Give again, unchanged, the line that contains "From mathcomp Require" together with every line that follows it until the entries end.

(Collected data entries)
Start of Block
(* Let $(\mathcal{A},\succ,\prec)$ be a finite-dimensional antidendriform algebra with associated antiassociative algebra $(\mathcal{A},\ast)$. Then $(\mathcal{A}\ltimes_{R^*_\prec,L^*_\succ}\mathcal{A}^*,\omega)$, where $\mathcal{A}^*$ carries the zero product, is a double construction of symplectic antiassociative algebra. Conversely, let $(T(\mathcal{A})=\mathcal{A}\oplus\mathcal{A}^*,\ast,\omega)$ be a double construction of symplectic antiassociative algebra such that $\mathcal{A}^*$ is an ideal of $T(\mathcal{A})$. Then the product of $\mathcal{A}^*$ is zero, and $(T(\mathcal{A}),\omega)$ is isomorphic (as double constructions of symplectic antiassociative algebras) to $(\mathcal{A}\ltimes_{R^*_\prec,L^*_\succ}\mathcal{A}^*,\omega)$, where $(\succ,\prec)$ is the antidendriform structure on $\mathcal{A}$ obtained by restricting the one defined on $T(\mathcal{A})$ by $\omega(u\succ v,w)=\omega(v,w\ast u)$, $\omega(u\prec v,w)=\omega(u,v\ast w)$.
   Context: An antiassociative algebra is a vector space with bilinear product satisfying $(x\ast y)\ast z=-x\ast(y\ast z)$. An antidendriform algebra is a vector space with bilinear products $\prec,\succ$ such that, with $x\ast y=x\prec y+x\succ y$: $(x\prec y)\prec z=-x\prec(y\ast z)$, $(x\succ y)\prec z=-x\succ(y\prec z)$, $x\succ(y\succ z)=-(x\ast y)\succ z$. $R^*_\prec,L^*_\succ:\mathcal{A}\to gl(\mathcal{A}^* )$ are given by $\langle R^*_\prec(x)a^*,y\rangle=\langle y\prec x,a^*\rangle$, $\langle L^*_\succ(x)a^*,y\rangle=\langle x\succ y,a^*\rangle$. $\mathcal{A}\ltimes_{R^*_\prec,L^*_\succ}\mathcal{A}^*$ is $\mathcal{A}\oplus\mathcal{A}^*$ with product $(x+a^* )\ast(y+b^* )=x\ast y+R^*_\prec(x)b^*+L^*_\succ(y)a^*$. A double construction of symplectic antiassociative algebra associated to antiassociative algebras $\mathcal{A}$ and $\mathcal{A}^*$ is an antiassociative product on $\mathcal{A}\oplus\mathcal{A}^*$ with $\mathcal{A},\mathcal{A}^*$ subalgebras and $\omega(x+a^*,y+b^* )=-\langle x,b^*\rangle+\langle a^*,y\rangle$ satisfying $\omega(u\ast v,w)+\omega(v\ast w,u)+\omega(w\ast u,v)=0$. Two such are isomorphic if there is an antiassociative algebra isomorphism $\varphi$ between them mapping $\mathcal{A}_1$ onto $\mathcal{A}_2$, $\mathcal{A}_1^*$ onto $\mathcal{A}_2^*$, with $\omega_1(u,v)=\omega_2(\varphi(u),\varphi(v))$. *)

From HB Require Import structures.
From mathcomp Require Import all_boot all_order all_algebra.
Set Implicit Arguments. Unset Strict Implicit. Unset Printing Implicit Defensive.
Import GRing.Theory.
Local Open Scope ring_scope.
End of Block
» **Answer section**
From mathcomp Require Import all_boot all_order all_algebra.
Set Implicit Arguments. Unset Strict Implicit. Unset Printing Implicit Defensive.
Import GRing.Theory.
Local Open Scope ring_scope.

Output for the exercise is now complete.